For the September Equinox, the sun is getting ready to go below the horizon for six months at the North Pole. At the South Pole, the sun is rising and will be up for six months.
The relationship between the Earth and Sun
The reason these changes occur is because the Earth is tilted as it spins or rotates. The tilt is 23.5 degrees away from being straight up and down. The tilt doesn’t change, but as the Earth moves around the sun, this changes where the Earth receives more direct sunlight. It also changes the amount of daylight different locations receive. If the Earth was not tilted on its axis, there would be no seasons.
From the March Equinox to the September Equinox the more direct sunlight is north of the Equator, and that’s also where the longer daylight hours are. From the September to March timeframes, the direct sun and longer hours are south of the Equator.

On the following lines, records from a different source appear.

(* Let the filtered space be as in the context, let $w$ be a weight with $[w]_{A_2}:=\sup_{I\in\mathscr D}\langle w\rangle_I\langle w^{-1}\rangle_I<\infty$, and put $u=w^{-1}$. For $I\in\mathscr D$ let $$\rho_I=\sum_{I'\in\operatorname{ch}(I)}|\langle u\rangle_{I'}-\langle u\rangle_I|\cdot|\langle w\rangle_{I'}-\langle w\rangle_I|\cdot|I'|/|I| .$$ Then for all $I_0\in\mathscr D$ $$\sum_{I\in\mathscr D:\,I\subset I_0}\rho_I|I|\le C[w]_{A_2}|I_0|,$$ with an absolute constant $C$.
   Context: $(\mathcal X,\mathfrak S,\nu)$ is a $\sigma$-finite measure space with a filtration $(\mathfrak S_n)_{n\in\mathbb Z}$, $\mathfrak S_n\subset\mathfrak S_{n+1}$, each atomic with countable disjoint family $\mathscr D_n$ of atoms of positive $\nu$-measure; $\mathscr D=\bigcup_n\mathscr D_n$ (no atom lies in all $\mathscr D_n$). $|I|=\nu(I)$, $\langle f\rangle_I=|I|^{-1}\int_I f\,d\nu$. For $I\in\mathscr D$, $\operatorname{rk}_+(I)=\sup\{n:I\in\mathscr D_n\}$ and $\operatorname{ch}(I)$ is the set of $I'\in\mathscr D_{\operatorname{rk}_+(I)+1}$ with $I'\subset I$ ($\operatorname{ch}(I)=\{I\}$ if $\operatorname{rk}_+(I)=\infty$). A weight is $w\ge0$ with $w\in L^1(I,\nu)$ for all $I\in\mathscr D$. *)

From HB Require Import structures.
From mathcomp Require Import all_boot all_order all_algebra.
From mathcomp Require Import all_classical all_reals all_analysis.
Set Implicit Arguments. Unset Strict Implicit. Unset Printing Implicit Defensive.
Import Order.TTheory GRing.Theory Num.Theory.
Import numFieldNormedType.Exports.
Local Open Scope classical_set_scope.
Local Open Scope ring_scope.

This is why the Southern Hemisphere experiences the exact opposite season that we have at any particular point in the year.
Except for the Equator and the Poles, all other locations have changing amounts of daylight every day.
Does everyone really have equal day and night on the Equinoxes?
While the Equinox occurs when the sun is directly over the Equator, the actual day for equal day and night for the Autumnal Equinox may happen a few days after. One of reasons for this is because the atmosphere acts to bend sunlight so that we see it before it is actually above the horizon, and we will see it for a couple of minutes AFTER it has actually set. So, we get a few extra minutes of daylight because of that refraction. Got that going for us.
MEET THE AUTHOR
Duane Friend is an energy and environmental stewardship educator with University of Illinois Extension, serving the organization in many roles since 1993. Duane provides information and educational programs to adult and youth audiences in the areas of soil quality, weather and climate, energy conservation, and disaster preparedness. These programs provide practical solutions for families, farms, and communities. He assists families in creating a household emergency plan, farmers with the implementation of soil management and conservation practices, and local government officials and business owners with energy conservation techniques.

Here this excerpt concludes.